There was an article in the paper yesterday about New Year's Resolutions. About how New Year's Day is sort of an artificial construct, and how people put too much pressure and stress on themselves to change things on THAT day, when there's nothing saying that they can't choose a random day in March to do exactly the same thing. On one hand, I agree with that; people stress out about it and seem less likely to carry out their plans when there's so much at stake. On the other hand, it just feeds into the rationalization I have for putting off until tomorrow (or next week, or six months from now) what I intend to do today. So I had in my mind that January 1st would be THE DAY to start my new endeavors, and after I read that article, for a split second, I thought, "Well, maybe I can wait..."

But NO! That would be continuing the very same behaviors that have been dragging me into a hole for the past few months. So today I begin THE 28 DAYS PROJECT.

Nothing big and fancy, really. In a nutshell, the plan is this: I have a Rubbermaid tub of half-finished craft and sewing projects in the dining room. It looks like this:

The box contains cut-out patterns, fabric that I've been meaning to turn into something specific, materials to make projects I've had in my head, things that just need to be mended...basically, all sorts of projects in all stages of being done and undone. Many are even neatly encased in Ziploc freezer bags, with all of the little parts stored together, to make me feel more organized about the entire mess. Sometimes I start something and hit a rough patch or don't understand the directions for it or just lose enthusiasm for it, and it ends up in this box. I should call it the Good Intentions box, because I really DO mean to finish everything in it. Well, this is the month. By the end of the month, the box will be empty. Or nearly empty. And I will post a completed project every day for 28 days. I will have 28 completed projects (maybe even a head start on some gifts for occasions throughout the year), a clean conscience, and a bunch of stuff to keep me busy in the dark, cold month of January. Plus, a little more room in the dining room. Win-win.

Why 28 days? I understand that January really has 31 days. But I figure that by giving myself three days of leeway, I'm less likely to get discouraged and quit the project entirely. There's bound to be at least one day in the month when I don't feel like doing anything. Or some project in there that takes more than one day to complete.

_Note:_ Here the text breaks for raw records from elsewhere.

Lemma Expect_gap_avg_le t0 T0 eps : 0 < eps -> (t0 <= T0)%N ->
  n%:R / b%:R * ln (2 * lam * n%:R / bet) <= t0%:R ->
  t0%:R + bet / b%:R * (4 / (lam * eps) - 2 * n%:R / bet) <= T0%:R ->
  n%:R / b%:R <= T%:R - T0%:R :> R -> bet / b%:R * (lam * eps)^-1 <= T%:R - T0%:R ->
  E (fun s => duality_gap x y lam (alpha_bar x y lam bet T0 s)) <= eps.
Proof.
move=> eps_gt0 le_t0T0 ln_le T0_ge T_ge1 T_ge2.
have nR := nR_gt0; have bR := bR_gt0.
have nb_gt0 : 0 < n%:R / b%:R :> R by rewrite divr_gt0.
have lt_T0T : (T0 < T)%N by rewrite -(ltr_nat R); lra.
have le_T0T : (t0 <= T0 <= T)%N by rewrite le_t0T0 ltnW.
apply: le_trans (Expect_gap_avg_le_mean lt_T0T) _.
apply: le_trans (avg_mean_gap_le lt_T0T T_ge1) _.
have := dual_subopt_le le_T0T ln_le.
set m := 2 * n%:R + b%:R * (T0%:R - t0%:R); set N := T%:R - T0%:R.
have lam_eps_gt0 : 0 < lam * eps by rewrite mulr_gt0.
have m_ge : 4 * bet / (lam * eps) <= m.
  have := ler_wpM2l (ltW bR) T0_ge; rewrite /m.
  have -> : b%:R * (t0%:R + bet / b%:R * (4 / (lam * eps) - 2 * n%:R / bet)) =
      b%:R * t0%:R + 4 * bet / (lam * eps) - 2 * n%:R by field; rewrite !gt_eqF.
  lra.
have m_gt0 : 0 < m by apply: lt_le_trans m_ge; rewrite divr_gt0 ?mulr_gt0.
have first : 2 * bet / (lam * m) <= eps / 2.
  rewrite ler_pdivrMr ?mulr_gt0 //.
  have := ler_wpM2l (ltW lam_eps_gt0) m_ge.
  have -> : lam * eps * (4 * bet / (lam * eps)) = 4 * bet by field; rewrite !gt_eqF.
  have -> : eps / 2 * (lam * m) = lam * eps * m / 2 by ring.
  lra.
have N_gt0 : 0 < N by rewrite /N; lra.
have second : bet / (2 * lam * b%:R * N) <= eps / 2.
  rewrite ler_pdivrMr ?mulr_gt0 //.
  have := ler_wpM2l (ltW (mulr_gt0 bR lam_eps_gt0)) T_ge2.
  have -> : b%:R * (lam * eps) * (bet / b%:R * (lam * eps)^-1) = bet.
    by field; rewrite !gt_eqF.
  by have -> : eps / 2 * (2 * lam * b%:R * N) = b%:R * (lam * eps) * N by field.
lra.
Qed.
Lemma Expect_gap_avg_le_schedule t0 T0 eps : 0 < eps ->
  Num.max 0 (Num.ceil (n%:R / b%:R * ln (2 * lam * n%:R / bet)))%:~R <= (t0%:R : R) ->
  t0%:R + bet / b%:R * Num.max 0 (4 / (lam * eps) - 2 * n%:R / bet) <= (T0%:R : R) ->
  T0%:R + Num.max (Num.ceil (n%:R / b%:R : R))%:~R (bet / b%:R * (lam * eps)^-1)
    <= (T%:R : R) ->
  (T0 < T)%N /\ E (fun s => duality_gap x y lam (alpha_bar x y lam bet T0 s)) <= eps.
Proof.
move=> eps_gt0 t0_ge T0_ge T_ge; have bR := bR_gt0.
have max_ge (u v : R) : u <= Num.max u v /\ v <= Num.max u v by rewrite !le_max !lexx orbT.
have ln_le := le_trans (ceil_ge _) (le_trans (max_ge 0 _).2 t0_ge).
have bet_b_ge0 : 0 <= bet / b%:R by rewrite divr_ge0 ?ltW.
have le_t0T0 : (t0 <= T0)%N.
  rewrite -(ler_nat R); apply: le_trans T0_ge; rewrite lerDl.
  exact: mulr_ge0 bet_b_ge0 (max_ge _ _).1.
have T0_ge' := le_trans (lerD (lexx _) (ler_wpM2l bet_b_ge0 (max_ge 0 _).2)) T0_ge.
have [ceil_le max_ge2] :=
  max_ge (Num.ceil (n%:R / b%:R : R))%:~R (bet / b%:R * (lam * eps)^-1).
have T_ge1 : n%:R / b%:R <= T%:R - T0%:R :> R.
  by have := le_trans (ceil_ge _) ceil_le; lra.
have T_ge2 : bet / b%:R * (lam * eps)^-1 <= T%:R - T0%:R by lra.
have nb_gt0 : 0 < n%:R / b%:R :> R by rewrite divr_gt0.
split; first by rewrite -(ltr_nat R); lra.
exact: Expect_gap_avg_le eps_gt0 le_t0T0 ln_le T0_ge' T_ge1 T_ge2.
Qed.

I don't want to miss a day and have an excuse to throw up my hands and just say, "OK, I've failed, I'm done." Plus, 28 Days just sounds cool. Like 500 Days of Summer. It's a specific time frame. There are boundaries. There are limits. I like that, and it makes me feel like there are rules, which always makes me feel better. And, speaking of movie titles (which I was), 28 Days is a movie, too. It all fits together.

And I'm not even behind. I did complete a project today, but it was dark before I finished and I couldn't take it outside to get a good after photo in natural light, so I'll post it tomorrow, instead. So I'm 1 for 1. That's a good feeling on New Year's Day, artificial holiday or not.